Access time series#

Access existing data#

You can access any data for which you have the TimeSeriesId (and authorization). It is possible to query aggregated data directly, e.g. you can query 1 minute average values for a specified period. The finest available aggregation period is “tick” (100 nanoseconds).

# set up
import datareservoirio as drio
import numpy as np
import pandas as pd

auth = drio.Authenticator()
# Follow instructions to authenticate

client = drio.Client(auth)

# Get timeseries data resampled to 15 minutes average for selected period
timeseries = client.get_samples_aggregate(series_id,
                        start='2024-01-01', end='2024-01-02',
                        aggregation_period='15m',
                        aggregation_function='mean')
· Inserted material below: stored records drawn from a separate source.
Lemma psum_pair_weight_divisors m K : (m < K)%nat ->
  psum (fun p => ind (is_pdiv m p) * ind (Nat.leb 1 (m / p)) * pair_weight (m / p) p) K
  = ind (Nat.leb 2 m).
Proof.
  intros HK. destruct m as [|m].
  { apply psum_eq0. intros k _. rewrite Nat.Div0.div_0_l. unfold ind at 2; simpl; ring. }
  rewrite (psum_ext _ (fun p => / INR (omega (S m)) * ind (is_pdiv (S m) p))).
  - rewrite psumZ, psum_is_pdiv by lia. destruct m as [|m].
    + rewrite omega_1; simpl; ring.
    + assert (1 <= omega (S (S m)))%nat by (apply omega_pos; lia).
      assert (0 < INR (omega (S (S m)))) by (apply lt_0_INR; lia).
      unfold ind; simpl; field; lra.
  - intros p _. destruct (is_pdiv (S m) p) eqn:Hmp; [|unfold ind; ring].
    rewrite pair_weight_div by (auto; lia).
    destruct (is_pdivP _ _ Hmp) as (_ & _ & Hdec).
    destruct (Nat.leb_spec 1 (S m / p)); [|lia]. unfold ind; ring.
Qed.

Lemma psum_pair_weight_fiber N m p : (m <= N)%nat ->
  psum (fun n => ind (Nat.leb 1 n) * ind (Nat.eqb (n * p) m) * pair_weight n p) (S N)
  = ind (is_pdiv m p) * ind (Nat.leb 1 (m / p)) * pair_weight (m / p) p.
Proof.
  intros HmN. destruct (primeb p) eqn:Hp.
  2:{ rewrite psum_eq0.
      - unfold is_pdiv; rewrite Hp; unfold ind; simpl; ring.
      - intros n _. unfold pair_weight, is_pdiv. rewrite Hp. unfold ind; simpl; ring. }
  pose proof (primeb_ge2 _ Hp).
  rewrite (psum_ext _ (fun n => ind (Nat.eqb (m / p) n) *
      (ind (Nat.eqb (m mod p) 0) * ind (Nat.leb 1 (m / p)) * pair_weight (m / p) p))).
  - rewrite psum_delta. unfold is_pdiv. rewrite Hp. simpl.
    assert (m / p <= m)%nat by (apply Nat.Div0.div_le_upper_bound; nia).
    destruct (Nat.ltb_spec (m / p) (S N)); [|lia]. unfold ind at 1; simpl; ring.
  - intros n _. destruct (Nat.eqb_spec (n * p) m) as [<-|E].
    + rewrite Nat.Div0.mod_mul, Nat.div_mul, Nat.eqb_refl by lia. simpl; ring.
    + destruct (Nat.eqb_spec (m / p) n) as [<-|]; [|unfold ind; simpl; ring].
      destruct (Nat.eqb_spec (m mod p) 0) as [E3|]; [|unfold ind; simpl; ring].
      exfalso. apply E. pose proof (Nat.div_mod_eq m p). rewrite E3 in *. lia.
Qed.

Lemma psum_regroup_pairs (h : nat -> R) N K : (N < K)%nat ->
  psum (fun m => ind (Nat.leb 2 m) * h m) (S N) =
  psum (fun n => ind (Nat.leb 1 n) *
    psum (fun p => pair_weight n p * ind (Nat.leb (n * p) N) * h (n * p)%nat) K) (S N).
Proof.
  intros HK. symmetry.
  rewrite (psum_ext _ (fun n => psum (fun p => psum (fun m =>
      ind (Nat.leb 1 n) * ind (Nat.eqb (n * p) m) * pair_weight n p * h m) (S N)) K)).
  2:{ intros n _. rewrite <- psumZ. apply psum_ext. intros p _.
      rewrite (psum_ext _ (fun m => (ind (Nat.leb 1 n) * pair_weight n p) *
                                    (ind (Nat.eqb (n * p) m) * h m))) by (intros; ring).
      rewrite psumZ, psum_delta.
      replace (Nat.ltb (n * p) (S N)) with (Nat.leb (n * p) N); [ring|].
      destruct (Nat.leb_spec (n * p) N), (Nat.ltb_spec (n * p) (S N)); auto; lia. }
  rewrite (psum_ext _ (fun n => psum (fun m => psum (fun p =>
      ind (Nat.leb 1 n) * ind (Nat.eqb (n * p) m) * pair_weight n p * h m) K) (S N)))
    by (intros; apply psum_swap).
  rewrite psum_swap. apply psum_ext. intros m Hm. rewrite psum_swap.
  rewrite (psum_ext _ (fun p => h m * psum (fun n =>
      ind (Nat.leb 1 n) * ind (Nat.eqb (n * p) m) * pair_weight n p) (S N))).
  2:{ intros p _. rewrite <- psumZ. apply psum_ext. intros; ring. }
  rewrite psumZ, (psum_ext _ _ K (fun p _ => psum_pair_weight_fiber N m p ltac:(lia))).
  rewrite psum_pair_weight_divisors by lia. ring.
Qed.

(** * Complex arithmetic and [n^{-s}] *)

Lemma Cplx_ext z w : Re z = Re w -> Im z = Im w -> z = w.
Proof. destruct z, w; simpl; intros; subst; reflexivity. Qed.

Fixpoint Cpsum (f : nat -> Cplx) (n : nat) : Cplx :=
  match n with O => Czero | S k => Cadd (Cpsum f k) (f k) end.

Definition Cnorm1 (z : Cplx) : R := Rabs (Re z) + Rabs (Im z).

Lemma Cnorm1_ge0 z : 0 <= Cnorm1 z.
Proof. unfold Cnorm1. pose proof (Rabs_pos (Re z)). pose proof (Rabs_pos (Im z)). lra. Qed.

Lemma Cnorm1_mul z w : Cnorm1 (Cmul z w) <= Cnorm1 z * Cnorm1 w.
Proof.
  unfold Cnorm1, Cmul; simpl.
  pose proof (Rabs_triang (Re z * Re w) (- (Im z * Im w))).
  pose proof (Rabs_triang (Re z * Im w) (Im z * Re w)).
  rewrite Rabs_Ropp in H. rewrite !Rabs_mult in *.
  pose proof (Rabs_pos (Re z)). pose proof (Rabs_pos (Im z)).
  pose proof (Rabs_pos (Re w)). pose proof (Rabs_pos (Im w)).
  unfold Rminus. nra.
Qed.

Lemma Cmul_Caddr z w v : Cmul z (Cadd w v) = Cadd (Cmul z w) (Cmul z v).
Proof. apply Cplx_ext; simpl; ring. Qed.

Lemma Cmul_Csubr z w v : Cmul z (Csub w v) = Csub (Cmul z w) (Cmul z v).
Proof. apply Cplx_ext; simpl; ring. Qed.

Lemma Cmul_0r z : Cmul z Czero = Czero.
Proof. apply Cplx_ext; simpl; ring. Qed.

Lemma Cmul_Cpsum z f n : Cmul z (Cpsum f n) = Cpsum (fun k => Cmul z (f k)) n.
Proof. induction n; simpl; [apply Cmul_0r|now rewrite Cmul_Caddr, IHn]. Qed.

Lemma Cexp_add z v : Cexp (Cadd z v) = Cmul (Cexp z) (Cexp v).
Proof. apply Cplx_ext; simpl; rewrite exp_plus, ?cos_plus, ?sin_plus; ring. Qed.

(* Real and imaginary parts are treated at once as real-linear functionals bounded by [Cnorm1]. *)
Record Rlinear (phi : Cplx -> R) : Prop := {
  Rlinear_add : forall z v, phi (Cadd z v) = phi z + phi v;
  Rlinear_sub : forall z v, phi (Csub z v) = phi z - phi v;
  Rlinear_0 : phi Czero = 0;
  Rlinear_scal : forall r z, phi (Cmul (RC r) z) = r * phi z;
  Rlinear_bound : forall z, Rabs (phi z) <= Cnorm1 z }.

Lemma Rlinear_Re : Rlinear Re.
Proof. split; intros; simpl; try ring. unfold Cnorm1. pose proof (Rabs_pos (Im z)). lra. Qed.

Lemma Rlinear_Im : Rlinear Im.
Proof. split; intros; simpl; try ring. unfold Cnorm1. pose proof (Rabs_pos (Re z)). lra. Qed.

Lemma Rlinear_Cpsum phi f n : Rlinear phi -> phi (Cpsum f n) = psum (fun k => phi (f k)) n.
Proof.
  intros H. induction n; simpl; [apply (Rlinear_0 _ H)|].
  now rewrite (Rlinear_add _ H), IHn.
Qed.

(* [npow_mod s n = |n^{-s}|] for [n >= 1]; since [ln 0 = 0] in Rocq, also [npow_mod s 0 = 1]. *)
Definition npow_mod (s : Cplx) (n : nat) : R := exp (- ln (INR n) * Re s).

Lemma npow_mod_gt0 s n : 0 < npow_mod s n.
Proof. apply exp_pos. Qed.

Lemma Cnorm1_npow_neg s n : Cnorm1 (npow_neg n s) <= 2 * npow_mod s n.
Proof.
  unfold Cnorm1, npow_neg, Cexp, npow_mod; simpl.
  replace (- ln (INR n) * Re s - 0 * Im s) with (- ln (INR n) * Re s) by ring.
  set (t := - ln (INR n) * Im s + 0 * Re s).
  pose proof (exp_pos (- ln (INR n) * Re s)).
  rewrite !Rabs_mult, (Rabs_right (exp _)) by lra.
  assert (Rabs (cos t) <= 1) by (apply Rabs_le, COS_bound).
  assert (Rabs (sin t) <= 1) by (apply Rabs_le, SIN_bound).
  nra.
Qed.

Lemma ln_INR_mul m n : (1 <= m)%nat -> (1 <= n)%nat ->
  ln (INR (m * n)) = ln (INR m) + ln (INR n).
Proof. intros. rewrite mult_INR. apply ln_mult; apply lt_0_INR; lia. Qed.

Lemma npow_neg_mul s m n : (1 <= m)%nat -> (1 <= n)%nat ->
  npow_neg (m * n) s = Cmul (npow_neg m s) (npow_neg n s).
Proof.
  intros Hm Hn. unfold npow_neg. rewrite <- Cexp_add, ln_INR_mul by auto.
  f_equal; apply Cplx_ext; simpl; ring.
Qed.

Lemma npow_mod_mul s m n : (1 <= m)%nat -> (1 <= n)%nat ->
  npow_mod s (m * n) = npow_mod s m * npow_mod s n.
Proof. intros. unfold npow_mod. rewrite ln_INR_mul, <- exp_plus by auto. f_equal; ring. Qed.

Lemma npow_neg_1 s : npow_neg 1 s = Cone.
Proof.
  unfold npow_neg, Cexp; simpl. rewrite ln_1.
  apply Cplx_ext; simpl; rewrite Ropp_0, !Rmult_0_l, Rminus_0_r, Rplus_0_r, exp_0;
    [rewrite cos_0|rewrite sin_0]; ring.
Qed.

Lemma npow_mod_1 s : npow_mod s 1 = 1.
Proof. unfold npow_mod; simpl. rewrite ln_1, Ropp_0, Rmult_0_l. apply exp_0. Qed.

(** * Absolute convergence *)

Definition abs_zeta_psum (s : Cplx) (n : nat) : R :=
  psum (fun k => ind (Nat.leb 1 k) * npow_mod s k) n.

Lemma abs_zeta_term_ge0 s k : 0 <= ind (Nat.leb 1 k) * npow_mod s k.
Proof. pose proof (ind_bounds (Nat.leb 1 k)). pose proof (npow_mod_gt0 s k). nra. Qed.

Lemma abs_zeta_psum_S s n : abs_zeta_psum s n <= abs_zeta_psum s (S n).
Proof. unfold abs_zeta_psum; cbn [psum]. pose proof (abs_zeta_term_ge0 s n). lra. Qed.

Lemma abs_zeta_psum_SS s k : abs_zeta_psum s (S (S k)) = abs_zeta_psum s (S k) + npow_mod s (S k).
Proof. unfold abs_zeta_psum; cbn [psum]. change (ind (Nat.leb 1 (S k))) with 1. ring. Qed.

Lemma abs_zeta_psum_2 s : abs_zeta_psum s 2 = 1.
Proof. unfold abs_zeta_psum; simpl. rewrite npow_mod_1. unfold ind; simpl; ring. Qed.

Lemma ln_le_sub1 x : 0 < x -> ln x <= x - 1.
Proof. intros Hx. pose proof (exp_ineq1_le (ln x)). rewrite exp_ln in H by auto. lra. Qed.

(* Comparison with [int_{k+1}^{k+2} t^{-sigma} dt], with [sigma = Re s]. *)
Lemma npow_mod_le_telescope s k : 1 < Re s ->
  (Re s - 1) * npow_mod s (S (S k))
  <= exp ((1 - Re s) * ln (INR (S k))) - exp ((1 - Re s) * ln (INR (S (S k)))).
Proof.
  intros Hs. unfold npow_mod.
  set (M := INR (S k)). set (N := INR (S (S k))).
  assert (HM : 0 < M) by (apply lt_0_INR; lia).
  assert (HN : N = M + 1) by (unfold N, M; rewrite (S_INR (S k)); ring).
  set (x := ln M). set (y := ln N).
  assert (Hxy : x - y <= - / N).
  { assert (x = y + ln (M / N)).
    { unfold x, y. rewrite <- ln_mult by (try apply Rdiv_lt_0_compat; lra). f_equal. field. lra. }
    pose proof (ln_le_sub1 (M / N) ltac:(apply Rdiv_lt_0_compat; lra)).
    replace (M / N - 1) with (- / N) in H0 by (rewrite HN; field; lra). lra. }
  assert (Ey : exp y = N) by (apply exp_ln; lra).
  assert (E1 : exp ((1 - Re s) * x) = exp ((1 - Re s) * y) * exp ((Re s - 1) * (y - x))).
  { rewrite <- exp_plus. f_equal. ring. }
  assert (E2 : exp (- y * Re s) = exp ((1 - Re s) * y) * / N).
  { rewrite <- Ey, <- exp_Ropp, <- exp_plus. f_equal. ring. }
  rewrite E1, E2.
  pose proof (exp_ineq1_le ((Re s - 1) * (y - x))).
  assert (0 < exp ((1 - Re s) * y)) by apply exp_pos.
  assert (0 < / N) by (apply Rinv_0_lt_compat; lra).
  assert ((Re s - 1) * / N <= (Re s - 1) * (y - x)) by (apply Rmult_le_compat_l; lra).
  nra.
Qed.

Lemma abs_zeta_psum_le s n : 1 < Re s -> abs_zeta_psum s n <= 1 + / (Re s - 1).
Proof.
  intros Hs. set (v k := exp ((1 - Re s) * ln (INR k))).
  assert (Htele : forall k, (Re s - 1) * (abs_zeta_psum s (S (S k)) - 1) <= 1 - v (S k)).
  { induction k.
    - rewrite abs_zeta_psum_2. unfold v; simpl. rewrite ln_1, Rmult_0_r, exp_0. lra.
    - pose proof (npow_mod_le_telescope s k Hs).
      rewrite abs_zeta_psum_SS. unfold v in *. lra. }
  assert (abs_zeta_psum s n <= abs_zeta_psum s (S (S n))).
  { unfold abs_zeta_psum. apply psum_mono; [apply abs_zeta_term_ge0|lia]. }
  specialize (Htele n). assert (0 < v (S n)) by apply exp_pos.
  assert (abs_zeta_psum s (S (S n)) - 1 <= / (Re s - 1)).
  { apply (Rmult_le_reg_l (Re s - 1)); [lra|]. rewrite Rinv_r by lra. lra. }
  lra.
Qed.

Lemma abs_zeta_psum_cv s : 1 < Re s -> exists W,
  (forall n, abs_zeta_psum s n <= W) /\ 1 <= W /\
  (forall eps, eps > 0 -> exists L, forall n, (n >= L)%nat -> W - abs_zeta_psum s n < eps).
Proof.
  intros Hs. assert (Hg : Un_growing (abs_zeta_psum s)) by exact (abs_zeta_psum_S s).
  destruct (growing_cv _ Hg) as [W HW].
  { exists (1 + / (Re s - 1)). intros x [i ->]. apply abs_zeta_psum_le, Hs. }
  exists W. repeat split.
  - intros n; apply growing_ineq; auto.
  - rewrite <- (abs_zeta_psum_2 s). apply growing_ineq; auto.
  - intros eps Heps. destruct (HW eps Heps) as [L HL]. exists L. intros n Hn.
    specialize (HL n Hn). unfold Rdist in HL. pose proof (growing_ineq _ _ Hg HW n).
    rewrite Rabs_left1 in HL by lra. lra.
Qed.

Lemma abs_zeta_tail_le s W L M : (forall n, abs_zeta_psum s n <= W) ->
  psum (fun k => ind (Nat.ltb L k) * npow_mod s k) M <= W - abs_zeta_psum s (S L).
Proof.
  intros HW. pose proof (HW (S L)).
  assert (Hhead : forall M', (M' <= S L)%nat ->
                  psum (fun k => ind (Nat.ltb L k) * npow_mod s k) M' = 0).
  { intros M' HM'. apply psum_eq0. intros k Hk. destruct (Nat.ltb_spec L k); [lia|]. simpl; ring. }
  destruct (Nat.le_gt_cases M (S L)); [rewrite Hhead by auto; lra|].
  replace M with (S L + (M - S L))%nat by lia. specialize (HW (S L + (M - S L))%nat).
  unfold abs_zeta_psum in *. rewrite !psum_add_range, Hhead in * by lia.
  rewrite (psum_ext (fun k => ind (Nat.leb 1 (S L + k)) * _)
                    (fun k => ind (Nat.ltb L (S L + k)) * npow_mod s (S L + k))) in HW; [lra|].
  intros k _. destruct (Nat.leb_spec 1 (S L + k)), (Nat.ltb_spec L (S L + k)); try lia.
  reflexivity.
Qed.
# Get all data for selected time period
timeseries = client.get_samples_aggregate(series_id,
                        start='2024-01-01', end='2024-01-02',
                        aggregation_period='tick',
                        aggregation_function='mean')

Note

Client.get_samples_aggregate() returns a pandas.Series. The start, end, aggregation_period and aggregation_function parameters are required.

Important

Time series data is archived 90 days after the upload. To access archived data directly, you can use the Client.get() method, but the data can also be restored by contacting support.

Access archived data#

You can access time series data using the Client.get() method, as long as you have the TimeSeriesId (and authorization). Note that this method only returns the raw data, and does not support aggregation. Below is an example demonstrating how to access archived time series data. We strongly recommended to use the Client.get_samples_aggregate() as long as the data was uploaded within the last 90 days, or contact support to restore it.

# Get entire timeseries
timeseries = client.get(series_id)

# Get a slice of time series
timeseries = client.get(series_id, start='2018-01-01 12:00:00',
                        end='2018-01-02 06:00:00')

Warning

The time resolution of aggregated data is in ticks (1tick = 100 nanoseconds), while the time resolution of non-aggregated data is in nanoseconds. This may lead to discrepancies in data when comparing the two, and some datapoints might get lost when using aggregation to access data, in cases when there are multiple datapoints within the same 100 nanosecond range.

Warning

We introduced a breaking change in DataReservoir, which affects data ingested after approximately 10th of March 2025 10:00 CET. With this change, booleans are no longer automatically converted to integer values 1 and 0. If this conversion is desired, it can be done manually where required by using the following code after downloading the data, as shown below:

timeseries.replace({True: 1, 'true': 1, 'True': 1, False: 0, 'false': 0, 'False': 0}, inplace=True)

Tip

When handling high-frequency data and/or extended timespans, it is crucial to consider memory usage. Accessing an excessive amount of data at once can cause your script to fail. The following is a recommended approach for accessing data in smaller chunks:

# Make a date iterator
start_end = pd.date_range(start="2020-01-01 00:00", end="2020-02-01 00:00", freq="1H")
start_end_iter = zip(start_end[:-1], start_end[1:])

series_id = <your time series ID>


# Get timeseries in chunks
for start, end in start_end_iter:
    timeseries = client.get(series_id, start=start, end=end)